Danger, Inc. was a company specializing in hardware design, software, and services for mobile computing devices. Its most notable product was the T-Mobile Sidekick (also known as Danger Hiptop), a popular early smartphone. The Sidekick or Hiptop was an early example of client–server ("cloud"-based) smartphones and created the App (Applications) marketplace, later popularized by Android and iOS. Danger was acquired by Microsoft on 11 February 2008, for a price rumored to be around $500 million (USD).

History
The company was originally started by former Apple Inc., WebTV and Philips employees Andy Rubin, Joe Britt, and Matt Hershenson. Co-founder Andy Rubin left in 2003 to create the company Android, which was later acquired by Google.

After the Microsoft acquisition in 2008, the former Danger staff were absorbed into the Mobile Communications Business (MCB) of the Microsoft Entertainment and Devices Division, where they worked on a future mobile phone platform known as "Project Pink" which would eventually be released as Kin.

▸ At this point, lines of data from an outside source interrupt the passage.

(* For every positive integer $d$ and every $\epsilon\in(0,1)$ there exist $n_0$ and, for each $n\ge n_0$, a family $\mathcal{C}_n$ of subsets of $[n]^d$ such that: (i) every sum-free subset of $[n]^d$ is contained in some member of $\mathcal{C}_n$; (ii) every member of $\mathcal{C}_n$ contains at most $\epsilon n^{2d}$ Schur triples; (iii) $\log_2|\mathcal{C}_n|=o(n^d)$ as $n\to\infty$.
   Context: $[n]=\{1,\dots,n\}$, $[n]^d\subset\mathbb{Z}^d$ with coordinatewise addition. A set is sum-free if there are no $a,b,c$ in it (not necessarily distinct) with $a+b=c$. A Schur triple in a set $A$ is a set $\{a,b,c\}\subseteq A$ of three distinct elements with $a+b=c$. *)

From mathcomp Require Import all_boot.
From Stdlib Require Import Reals.

Set Implicit Arguments.
Unset Strict Implicit.
Unset Printing Implicit Defensive.

(* A point of [n]^d is encoded as x : {ffun 'I_d -> 'I_n}; its i-th
   coordinate is (x i) + 1, which ranges over [n] = {1,...,n}. *)
Definition grid (n d : nat) : finType := {ffun 'I_d -> 'I_n}.

Definition coord {n d} (x : grid n d) (i : 'I_d) : nat := (x i).+1.

Definition is_sum {n d} (a b c : grid n d) : bool :=
  [forall i, coord a i + coord b i == coord c i].

Definition sum_free {n d} (A : {set grid n d}) : bool :=
  [forall a in A, forall b in A, forall c in A, ~~ is_sum a b c].

Definition schur_triples {n d} (A : {set grid n d}) : {set {set grid n d}} :=
  [set S : {set grid n d} | (S \subset A) &&
     [exists a, exists b, exists c,
        [&& S == [set a; b; c], a != b, a != c, b != c & is_sum a b c]]].

Definition log2 (x : R) : R := (ln x / ln 2)%R.

(* Write N for the size of the ambient finite set and call a triple with a + b = c a
   solution.  Containers are built by iterated refinement, starting from the whole set.
   If a container B carries more than N^2/m solutions, then more than N/2m of its
   elements are heavy: each lies in at least N/2m solutions inside B.  Let A be a
   solution-free subset of B.  If A meets the heavy set in fewer than 4mr points, drop
   the other heavy points from B.  Otherwise fix 4mr heavy points F of A and greedily
   choose at most 4r points S of A, until every candidate x of B outside F + S has fewer
   than r candidates in F + x; the candidates with this property form the new container.
   Summed over F, the solutions (f, x, f + x) inside the new container C number at most
   r |C| <= r N, those inside B at least |F| N/2m = 2 r N, and each point of B \ C
   accounts for at most 2 |F| of the latter, so C has at least N/8m fewer points than B.
   After 8m + 1 refinements every container carries at most N^2/m solutions.  A container
   is determined by the fingerprints (F, S) chosen along the way, sets of total size
   O(m^2 r); with r about sqrt N there are 2^O(sqrt N log N) = 2^o(N) containers. *)

From mathcomp Require Import all_boot zify.
From Stdlib Require Import Reals Lia Lra.
(* Restore [^] as [expn] after the Stdlib imports. *)
Import ssrnat.
Set Implicit Arguments.
Unset Strict Implicit.
Unset Printing Implicit Defensive.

Because of poor sales, production was ceased just a few weeks after its release. The Kin development team was folded into the Windows Phone team, and Microsoft stopped promoting the devices.

By October 2009, most of the ex-Danger employees had left Microsoft. Until March 2013, Rubin headed Android development, and brought former Danger Director of Design Matias Duarte to Google.

The Register described the Microsoft acquisition as "a classic case of M & A failure, where the acquirer has failed to integrate either the technology or the people from the company that it bought." Later in 2013 Microsoft purchased Nokia's mobile phone business, which is also seen as a failure.

October 2009 data loss 

In early October 2009, a server malfunction or technician error at Danger's data centers resulted in the loss of all Sidekick user data.  As Sidekicks store users' data on Danger's servers—versus using local storage—users lost contact directories, calendars, photos, and all other media not locally backed up. Local backup could be accomplished through an app ($9.99 USD) which synchronized contacts, calendar, and tasks, but not notes, between the web and a local Windows PC. In an October 10 letter to subscribers, Microsoft expressed its doubt that any data would be recovered.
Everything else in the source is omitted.